Many experienced academics will tell you that 20% of any data science project involves building and setting up predictive models

#### Contents Diving into different algorithms (k-nearest neighbour method, logit regression, random forests, artificial neural network), we realized it with Scikit-Learn

..and 80% involves the tedious but necessary work of collecting and fitting the data into the right form. Our project was no exception. We had to collect public data in different formats (PDF, XML, HTML, JSON) and look for ways to automatically match teams from different sources.

For example, one office listed the team as Man U, another as Man United, a third as Manchester United, etc.  Long and hard, but eventually we got our first set of meaningful data and could move on to building machine learning models.  A bit of maths Initially we weren't sure which algorithm would be best for our project, so we decided to look at betting as a classification problem. With this approach, we only need to predict 1 of the 3 correct options: a win for the home team, a win for the visitors or a draw.  Of course, there are other approaches, such as: guess the number of goals scored by each team and then use that information to determine the winner.

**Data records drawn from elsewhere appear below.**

Definition symbC (n : nat) (m : R) (a : ps n -> R[i]) : Prop :=
  smooth (fun z => complex.Re (a z)) /\ smooth (fun z => complex.Im (a z)) /\
  forall al be : 'I_n -> nat, exists C : R, forall z : ps n,
    cmod (mpart al be (fun w => complex.Re (a w)) z +i* mpart al be (fun w => complex.Im (a w)) z)
      <= C * jb z.2 `^ (m - (mlen be)%:R).

Definition Sminf (n : nat) (a : ps n -> R[i]) : Prop := forall m : R, symbC m a.

Definition Splus (n : nat) (f : ps n -> R) : Prop :=
  smooth f /\
  (forall j : 'I_n, symbR 1 (fun z => 'D_(dx j) f z)) /\
  (forall j : 'I_n, symbR 0 (fun z => 'D_(dxi j) f z)).

Definition hypU (n : nat) (U : ps n -> R) : Prop :=
  exists dd : ps n -> R,
    (forall z : ps n, U z = dotR z.1 z.2 + dd z) /\ Splus dd /\
    exists delta : R, delta < 1 /\
      forall (z : ps n) (v : 'cV[R]_n),
        eucl ((\matrix_(j < n, k < n) 'D_(dx j) (fun w => 'D_(dxi k) dd w) z) *m v)
          <= delta * eucl v.

Definition grad_x (n : nat) (U : ps n -> R) (z : ps n) : 'rV[R]_n :=
  \row_(j < n) 'D_(dx j) U z.
Definition grad_xi (n : nat) (U : ps n -> R) (z : ps n) : 'rV[R]_n :=
  \row_(k < n) 'D_(dxi k) U z.

Definition assoc_Phi (n : nat) (U : ps n -> R) (Phi : ps n -> ps n) : Prop :=
  forall (x xi : 'rV[R]_n),
    Phi (grad_xi U (x, xi), xi) = (x, grad_x U (x, xi)).

Definition magB (n : nat) (A : 'I_n -> 'rV[R]_n -> R) (j k : 'I_n) : 'rV[R]_n -> R :=
  fun x => 'D_(ev j) (A k) x - 'D_(ev k) (A j) x.

Definition magnetic_pot (n : nat) (A : 'I_n -> 'rV[R]_n -> R) : Prop :=
  (forall j : 'I_n, smooth (A j) /\
     exists (C : R) (N : nat), forall x, `|A j x| <= C * jb x ^+ N) /\
  (forall j k : 'I_n, smooth (magB A j k) /\
     forall al : 'I_n -> nat, exists C : R, forall x, `|mpart1 al (magB A j k) x| <= C).

Definition line_int (n : nat) (A : 'I_n -> 'rV[R]_n -> R) (x y : 'rV[R]_n) : R :=
  Rintegral (@lebesgue_measure R) `[0%R, 1%R]
    (fun t : R => \sum_(j < n) A j (x + t *: (y - x)) * (y 0 j - x 0 j)).

Definition omegaA (n : nat) (A : 'I_n -> 'rV[R]_n -> R) (x y : 'rV[R]_n) : R[i] :=
  cexpi (- line_int A x y).

Fixpoint intRn (n : nat) : ('rV[R]_n -> R) -> R :=
  match n return ('rV[R]_n -> R) -> R with
  | 0 => fun f => f 0
  | n'.+1 => fun f =>
      Rintegral (@lebesgue_measure R) setT
        (fun t : R => intRn (fun v : 'rV[R]_n' => f (row_mx (t%:M : 'rV[R]_1) v)))
  end.
Definition intCn (n : nat) (f : 'rV[R]_n -> R[i]) : R[i] :=
  intRn (fun v => complex.Re (f v)) +i* intRn (fun v => complex.Im (f v)).

Definition schwartz (n : nat) (u : 'rV[R]_n -> R[i]) : Prop :=
  smooth (fun x => complex.Re (u x)) /\ smooth (fun x => complex.Im (u x)) /\
  forall (al : 'I_n -> nat) (N : nat), exists C : R, forall x : 'rV[R]_n,
    jb x ^+ N * cmod (mpart1 al (fun y => complex.Re (u y)) x +i* mpart1 al (fun y => complex.Im (u y)) x)
      <= C.

Definition magOp (n : nat) (A : 'I_n -> 'rV[R]_n -> R) (b : ps n -> R[i])
    (u : 'rV[R]_n -> R[i]) (x : 'rV[R]_n) : R[i] :=
  ((2 * pi) ^- n)%:C *
  intCn (fun w : 'rV[R]_(n + n) =>
     let y := lsubmx w in let eta := rsubmx w in
     cexpi (dotR (x - y) eta) * omegaA A x y * b (x, eta) * u y).

Definition OpPhiA (n : nat) (U : ps n -> R) (A : 'I_n -> 'rV[R]_n -> R)
    (a : ps n -> R[i]) (u : 'rV[R]_n -> R[i]) (x : 'rV[R]_n) : R[i] :=
  ((2 * pi) ^- n)%:C *
  intCn (fun w : 'rV[R]_(n + n) =>
     let y := lsubmx w in let eta := rsubmx w in
     cexpi (U (x, eta) - dotR y eta) * omegaA A x y * a (x, eta) * u y).

End PseudoDiff.

(* Hypothesis (U) writes U(x,eta) = <x,eta> + d(x,eta) with d in S^+, so the phase
   of Op^A_Phi(a) is that of b^A(x,D) shifted by d(x,eta): Op^A_Phi(a) = b^A(x,D)
   for b = e^{i d} a, and conversely a = e^{-i d} b.  It remains to see
   that multiplication by e^{i d} preserves S^{-infty}: each first derivative of d
   is O(<eta>), with one more power of <eta> per further derivative, so by the chain
   and Leibniz rules every derivative of order k of e^{i d} is O(<eta>^k), a loss
   that S^{-infty} absorbs.  Derivatives are always taken in the fixed order of the
   multi-index, so the Leibniz induction runs over sorted lists of directions and
   never needs the symmetry of mixed partial derivatives. *)

From HB Require Import structures.
From mathcomp Require Import all_boot all_order all_algebra.
From mathcomp Require Import all_classical all_reals all_analysis.
From mathcomp Require Import complex.
From mathcomp Require Import ring lra.
Import Order.TTheory GRing.Theory Num.Theory.
Import numFieldNormedType.Exports.
Set Implicit Arguments. Unset Strict Implicit.

Local Open Scope ring_scope.

Section SmoothCalculus.
Variables (R : realType) (V : normedModType R).
Implicit Types (f g : V -> R) (v : V) (s : seq V).

Definition Dfun v f : V -> R := fun z => 'D_v f z.

Lemma dlist_cat s1 s2 f : dlist (s1 ++ s2) f = dlist s1 (dlist s2 f).
Proof. by rewrite /dlist foldr_cat. Qed.

Lemma dlist_rcons s v f : dlist (rcons s v) f = dlist s (Dfun v f).
Proof. by rewrite -cats1 dlist_cat. Qed.

Definition smooth_upto (N : nat) f :=
  forall s, (size s <= N)%N -> forall z, differentiable (dlist s f) z.

Lemma smoothP f : smooth f <-> forall N, smooth_upto N f.
Proof. by split=> [Hf N s _ //|Hf s z]; apply: (Hf (size s)). Qed.

Lemma smooth_upto_Dfun N v f : smooth_upto N.+1 f -> smooth_upto N (Dfun v f).
Proof. by move=> Hf s Hs z; rewrite -dlist_rcons; apply: Hf; rewrite size_rcons. Qed.

Lemma smooth_upto_le N M f : (M <= N)%N -> smooth_upto N f -> smooth_upto M f.
Proof. by move=> HM Hf s Hs; apply: Hf; apply: leq_trans HM. Qed.

Lemma dlistD s f g :
  (forall t, (size t < size s)%N -> forall z,
      differentiable (dlist t f) z /\ differentiable (dlist t g) z) ->
  dlist s (fun z => f z + g z) = (fun z => dlist s f z + dlist s g z).
Proof.
elim: s => [|v s IH] Hfg //=.
rewrite IH => [|t Ht]; last by apply: Hfg; rewrite /= ltnS ltnW.
apply/funext => z; have [df dg] := Hfg s (ltnSn _) z.
by rewrite deriveD //; [apply: diff_derivable|apply: diff_derivable].
Qed.

Lemma dlistN s f :
  (forall t, (size t < size s)%N -> forall z, differentiable (dlist t f) z) ->
  dlist s (fun z => - f z) = (fun z => - dlist s f z).
Proof.
elim: s => [|v s IH] Hf //=.
rewrite IH => [|t Ht]; last by apply: Hf; rewrite /= ltnS ltnW.
by apply/funext => z; rewrite deriveN //; apply: diff_derivable; apply: Hf.
Qed.

Lemma DfunM v f g z : differentiable f z -> differentiable g z ->
  Dfun v (fun x => f x * g x) z = Dfun v f z * g z + f z * Dfun v g z.
Proof.
move=> df dg; rewrite /Dfun deriveM; try exact: diff_derivable.
by rewrite /GRing.scale /= addrC mulrC.
Qed.

Lemma smooth_uptoM N f g :
  smooth_upto N f -> smooth_upto N g -> smooth_upto N (fun z => f z * g z).
Proof.
elim: N f g => [|N IH] f g Hf Hg s Hs z.
  by move: Hs; rewrite leqn0 => /nilP -> /=; apply: differentiableM; [apply: (Hf [::])|apply: (Hg [::])].
case/lastP: s Hs => [_|t v]; first by apply: differentiableM; [apply: (Hf [::])|apply: (Hg [::])].
rewrite size_rcons ltnS => Ht; rewrite dlist_rcons.
have -> : Dfun v (fun x => f x * g x) = (fun x => Dfun v f x * g x + f x * Dfun v g x).
  by apply/funext => x; apply: DfunM; [apply: (Hf [::])|apply: (Hg [::])].
have H1 := IH _ _ (smooth_upto_Dfun v Hf) (smooth_upto_le (leqnSn N) Hg).
have H2 := IH _ _ (smooth_upto_le (leqnSn N) Hf) (smooth_upto_Dfun v Hg).
rewrite dlistD => [|u Hu x]; first exact: differentiableD (H1 _ Ht z) (H2 _ Ht z).
by split; [apply: H1|apply: H2]; apply: leq_trans (ltnW Hu) Ht.
Qed.

Lemma smoothM f g : smooth f -> smooth g -> smooth (fun z => f z * g z).
Proof. by move=> /smoothP Hf /smoothP Hg; apply/smoothP => N; apply: smooth_uptoM. Qed.

Lemma smoothD f g : smooth f -> smooth g -> smooth (fun z => f z + g z).
Proof. by move=> Hf Hg s z; rewrite dlistD //; apply: differentiableD. Qed.

Lemma smoothN f : smooth f -> smooth (fun z => - f z).
Proof. by move=> Hf s z; rewrite dlistN //; apply: differentiableN. Qed.

Lemma DfunN v f : smooth f -> Dfun v (fun z => - f z) = (fun z => - Dfun v f z).
Proof. by move=> Hf; apply: (@dlistN [:: v]). Qed.

Lemma smooth_Dfun v f : smooth f -> smooth (Dfun v f).
Proof. by move=> Hf s z; rewrite -dlist_rcons. Qed.

Section RealComposition.
Variables (h h' : R -> R).
Hypothesis h_derive : forall t : R, is_derive t (1 : R) h (h' t).

Lemma differentiable_realcomp f z :
  differentiable f z -> differentiable (fun x => h (f x)) z.
Proof.
move=> df; apply: differentiable_comp => //.
by apply/derivable1_diffP; case: (h_derive (f z)).
Qed.

Lemma Dfun_realcomp v f : smooth f ->
  Dfun v (fun x => h (f x)) = (fun z => h' (f z) * Dfun v f z).
Proof.
move=> Hf; apply/funext => z; have df := Hf [::] z.
have dh : differentiable h (f z) by apply/derivable1_diffP; case: (h_derive (f z)).
rewrite /Dfun (deriveE v); last exact: differentiable_comp.
rewrite diff_comp //= -(deriveE v df).
set c := 'D_v f z.
have -> : 'd h (f z) c = c * 'd h (f z) 1.
  by rewrite -[in LHS](mulr1 c) -[c * 1]/(c *: (1 : R)) linearZ.
by rewrite -derive1E' // derive1E derive_val mulrC.
Qed.

End RealComposition.

Lemma Dfun_cos v f : smooth f ->
  Dfun v (fun z => cos (f z)) = (fun z => - (sin (f z) * Dfun v f z)).
Proof.
move=> Hf; rewrite (Dfun_realcomp (fun t => is_derive_cos t)) //.
by apply/funext => z; rewrite mulNr.
Qed.

Lemma Dfun_sin v f : smooth f ->
  Dfun v (fun z => sin (f z)) = (fun z => cos (f z) * Dfun v f z).
Proof. exact: (Dfun_realcomp (fun t => is_derive_sin t)). Qed.

Lemma smooth_upto_cos_sin f : smooth f -> forall N,
  smooth_upto N (fun z => cos (f z)) /\ smooth_upto N (fun z => sin (f z)).
Proof.
move=> Hf; elim => [|N [IHc IHs]].
  split=> s; rewrite leqn0 => /nilP -> z /=.
    exact: (differentiable_realcomp (fun t => is_derive_cos t) (Hf [::] z)).
  exact: (differentiable_realcomp (fun t => is_derive_sin t) (Hf [::] z)).
have HD v : smooth_upto N (Dfun v f) by move/smoothP: (smooth_Dfun v Hf).
split=> s; case/lastP: s => [|t v]; rewrite ?size_rcons ?ltnS => Ht z.
- exact: (differentiable_realcomp (fun t => is_derive_cos t) (Hf [::] z)).
- have P := smooth_uptoM IHs (HD v).
  rewrite dlist_rcons Dfun_cos // dlistN => [|u Hu x]; first exact/differentiableN/P.
  by apply: P; apply: leq_trans (ltnW Hu) Ht.
- exact: (differentiable_realcomp (fun t => is_derive_sin t) (Hf [::] z)).
- by rewrite dlist_rcons Dfun_sin //; apply: (smooth_uptoM IHc (HD v)).
Qed.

## Classification approach

But we decided to go with a classification approach.  Diving into different algorithms (k-nearest neighbour method, logit regression, random forests, artificial neural network), we realized the beauty of Scikit-Learn.  One of the features we used was the Elo rating system. In short, it's a method for calculating the relative strength of players in games involving two players. It's often used in chess, but can also be applied to other sports. Using the Elo rating, we've calculated the strength of each of the teams, starting in 1990. This way our models have improved considerably in performance.  To give you an idea of the predictive power of the Elo variable alone, here is a link between a hypothetical model using only Elo and the results of the same games.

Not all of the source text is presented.